There would be so much more to say about him (e.g., his life as a lay, married person and father of four, his establishing of the modern Vatican library (and publishing a journal of library science that both the Moscow and Beijing libraries subscribed to during the height of communism), his career as a writer, his encounters with the great minds of the 20th century, etc.), but that will have to wait for a future post. To conclude, let me instead leave you with the following poem by Igino Giordani, which also gives us a glimpse of his interior life:

“I have begun to die
and what happens,
matters to me no more;
now I want to vanish
in the forsaken heart of Jesus.
All this sinning,
by greed and by vanity,
in love disappears:
I have reconquered my freedom.
I have begun to die
to death that no longer dies;
now I want to rejoice
with God in his eternal youth.”

It should come as no surprise that Igino Giordani – Servant of God – is in the process of being recognized as a saint – a saint I will be very proud of!

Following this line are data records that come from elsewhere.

(* For every $n\geq 3$, $$|S_n(123,132,3421)|=|S_n(123,213,3421)|=3n-5.$$
   Context: Permutations are written in one-line notation. A permutation $\sigma\in S_n$ contains $\pi\in S_m$ if there are indices $i_1<\dots<i_m$ such that for all $j<l$, $\sigma_{i_j}<\sigma_{i_l}$ iff $\pi_j<\pi_l$; otherwise $\sigma$ avoids $\pi$. $S_n(\pi^{(1)},\dots,\pi^{(r)})$ is the set of permutations in $S_n$ avoiding all the listed patterns. *)

From mathcomp Require Import all_boot all_fingroup.
Set Implicit Arguments. Unset Strict Implicit. Unset Printing Implicit Defensive.

(* A permutation sigma in S_n is {perm 'I_n}; its one-line notation is
   sigma 0, sigma 1, ..., sigma (n-1) (values 0-based).
   A pattern pi in S_m is likewise a {perm 'I_m}. *)

Definition contains (n m : nat) (sigma : {perm 'I_n}) (pi : {perm 'I_m}) : bool :=
  [exists f : {ffun 'I_m -> 'I_n},
    [forall j : 'I_m, forall l : 'I_m,
       (j < l) ==> (f j < f l) && ((sigma (f j) < sigma (f l)) == (pi j < pi l))]].

Definition avoids (n m : nat) (sigma : {perm 'I_n}) (pi : {perm 'I_m}) : bool :=
  ~~ contains sigma pi.

(* Patterns written 1-based in one-line notation, converted to 0-based perms. *)
Definition p123 : {perm 'I_3} := 1%g.
Definition p132 : {perm 'I_3} := tperm (inord 1) (inord 2).
Definition p213 : {perm 'I_3} := tperm (inord 0) (inord 1).
Definition f3421 (i : 'I_4) : 'I_4 := inord (nth 0 [:: 2; 3; 1; 0] i).
Lemma f3421_inj : injective f3421.
Proof.
move=> [[|[|[|[|i]]]] Hi] [[|[|[|[|j]]]] Hj] // /(congr1 val);
  rewrite /f3421 /= ?inordK //; try by move=> _; apply: val_inj.
Qed.
Definition p3421 : {perm 'I_4} := perm f3421_inj.

Definition Av3 (n : nat) (t1 t2 : {perm 'I_3}) (t3 : {perm 'I_4}) : {set {perm 'I_n}} :=
  [set s : {perm 'I_n} | [&& avoids s t1, avoids s t2 & avoids s t3]].

From mathcomp Require Import all_boot all_fingroup zify.
Set Implicit Arguments. Unset Strict Implicit. Unset Printing Implicit Defensive.

(* An entry followed by two larger entries is an occurrence of 123 or 132, so
   the first entry of a permutation avoiding 123 and 132 is its largest or
   second largest value, and deleting it leaves a shorter avoider.  After a
   first entry n+1 (the maximum) the rest is an arbitrary avoider of length n.
   After a first entry n, a 3421 appears exactly when the maximum of the rest
   is followed by an inversion.  Writing a_n for the number of avoiders and e_n
   for those whose entries after the maximum increase, this gives
   a_{n+1} = a_n + e_n, and likewise e_{n+1} = e_n + [n <= 2]: after a first
   entry n+1 the rest must be increasing, i.e. the identity, which avoids 123
   iff n <= 2.  Hence e_n = min(n, 3) and a_n = 3n - 5 for n >= 3.  The second
   class is the image of the first under s |-> reverse-complement of s^-1,
   which fixes 123 and 3421 and maps 132 to 213. *)

Lemma perm_ltnNgt n (s : {perm 'I_n}) (i j : 'I_n) :
  i != j -> (s j < s i) = ~~ (s i < s j).
Proof. by move=> ij; rewrite ltn_neqAle -leqNgt val_eqE (inj_eq perm_inj) eq_sym ij. Qed.

Lemma ltn_rev_ord n (a b : 'I_n) : (rev_ord a < rev_ord b) = (b < a).
Proof. by have := ltn_ord a; have := ltn_ord b; rewrite /=; lia. Qed.

Section LiftOrder.
Variables (n : nat) (v : 'I_n.+1).
Implicit Types a b : 'I_n.

Lemma ltn_lift2 a b : (lift v a < lift v b) = (a < b).
Proof. by rewrite /= ltnNge leq_bump2 -ltnNge. Qed.

Lemma ltn_lift_pivot a : (lift v a < v) = (a < v).
Proof. by rewrite /= /bump; case: leqP; lia. Qed.

Lemma ltn_pivot_lift a : (v < lift v a) = (v <= a).
Proof. by rewrite /= /bump; case: leqP; lia. Qed.

Lemma lift_eq_last a : (lift v a == n :> nat) = (a == n.-1 :> nat) && (v <= a).
Proof. by have := ltn_ord a; rewrite /= /bump; case: leqP; lia. Qed.

End LiftOrder.

Section IncreasingTuples.
Variable n : nat.

Definition exists_lt2 (Q : 'I_n -> 'I_n -> bool) :=
  [exists i : 'I_n, exists j : 'I_n, (i < j) && Q i j].
Definition exists_lt3 (Q : 'I_n -> 'I_n -> 'I_n -> bool) :=
  [exists i : 'I_n, exists j : 'I_n, exists k : 'I_n, [&& i < j, j < k & Q i j k]].
Definition exists_lt4 (Q : 'I_n -> 'I_n -> 'I_n -> 'I_n -> bool) :=
  [exists i : 'I_n, exists j : 'I_n, exists k : 'I_n, exists l : 'I_n,
     [&& i < j, j < k, k < l & Q i j k l]].

Lemma exists_lt2P (Q : 'I_n -> 'I_n -> bool) :
  reflect (exists i j : 'I_n, i < j /\ Q i j) (exists_lt2 Q).
Proof.
apply: (iffP existsP) => [[i /existsP[j /andP[]]] | [i [j [ij q]]]]; first by exists i, j.
by exists i; apply/existsP; exists j; rewrite ij.
Qed.

Lemma exists_lt3P (Q : 'I_n -> 'I_n -> 'I_n -> bool) :
  reflect (exists i j k : 'I_n, [/\ i < j, j < k & Q i j k]) (exists_lt3 Q).
Proof.
apply: (iffP existsP) => [[i /existsP[j /existsP[k /and3P[]]]] | [i [j [k [ij jk q]]]]].
  by exists i, j, k.
by exists i; apply/existsP; exists j; apply/existsP; exists k; rewrite ij jk.
Qed.

Lemma exists_lt4P (Q : 'I_n -> 'I_n -> 'I_n -> 'I_n -> bool) :
  reflect (exists i j k l : 'I_n, [/\ i < j, j < k, k < l & Q i j k l]) (exists_lt4 Q).
Proof.
apply: (iffP existsP) => [[i /existsP[j /existsP[k /existsP[l /and4P[]]]]] |
                          [i [j [k [l [ij jk kl q]]]]]].
  by exists i, j, k, l.
by exists i; apply/existsP; exists j; apply/existsP; exists k; apply/existsP; exists l;
  rewrite ij jk kl.
Qed.

Lemma eq_exists_lt2 (Q Q' : 'I_n -> 'I_n -> bool) :
  (forall i j : 'I_n, i < j -> Q i j = Q' i j) -> exists_lt2 Q = exists_lt2 Q'.
Proof.
move=> eqQ; apply: eq_existsb => i; apply: eq_existsb => j.
by case: ltnP => // ij; rewrite eqQ.
Qed.

Lemma eq_exists_lt3 (Q Q' : 'I_n -> 'I_n -> 'I_n -> bool) :
    (forall i j k : 'I_n, i < j -> j < k -> Q i j k = Q' i j k) ->
  exists_lt3 Q = exists_lt3 Q'.
Proof.
move=> eqQ; do 3![apply: eq_existsb => ?].
by case: ltnP => // ij; case: ltnP => // jk; rewrite eqQ.
Qed.

Lemma eq_exists_lt4 (Q Q' : 'I_n -> 'I_n -> 'I_n -> 'I_n -> bool) :
    (forall i j k l : 'I_n, i < j -> j < k -> k < l -> Q i j k l = Q' i j k l) ->
  exists_lt4 Q = exists_lt4 Q'.
Proof.
move=> eqQ; do 4![apply: eq_existsb => ?].
by case: ltnP => // ij; case: ltnP => // jk; case: ltnP => // kl; rewrite eqQ.
Qed.

Lemma exists_lt3_orb (Q Q' : 'I_n -> 'I_n -> 'I_n -> bool) :
  exists_lt3 Q || exists_lt3 Q' = exists_lt3 (fun i j k => Q i j k || Q' i j k).
Proof.
apply/orP/exists_lt3P => [[] /exists_lt3P[i [j [k [ij jk q]]]] | [i [j [k [ij jk /orP[]]]]]].
- by exists i, j, k; rewrite q.
- by exists i, j, k; rewrite q orbT.
- by left; apply/exists_lt3P; exists i, j, k.
- by right; apply/exists_lt3P; exists i, j, k.
Qed.

Lemma exists_lt3_small (Q : 'I_n -> 'I_n -> 'I_n -> bool) :
  n <= 2 -> exists_lt3 Q = false.
Proof. by move=> n2; apply/exists_lt3P => -[i [j [k [ij jk _]]]]; have := ltn_ord k; lia. Qed.

End IncreasingTuples.

Section SplitFirst.
Variable n : nat.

1 All the quotes from Igino Giordani here are from “Memorie d’un cristiano ingenuo,” with the crude translations from Italian, for which I apologize, being mine.
2 “[T]he faithful should learn how to distinguish carefully between those rights and duties which are theirs as members of the Church, and those which they have as members of human society. Let them strive to reconcile the two, remembering that in every temporal affair they must be guided by a Christian conscience, since even in secular business there is no human activity which can be withdrawn from God’s dominion. [… I]t must be admitted that the temporal sphere is governed by its own principles, since it is rightly concerned with the interests of this world.” (Lumen Gentium, §36)
3 “Il Quotidiano” was a daily newspaper, directed by Giordani 1944–1946.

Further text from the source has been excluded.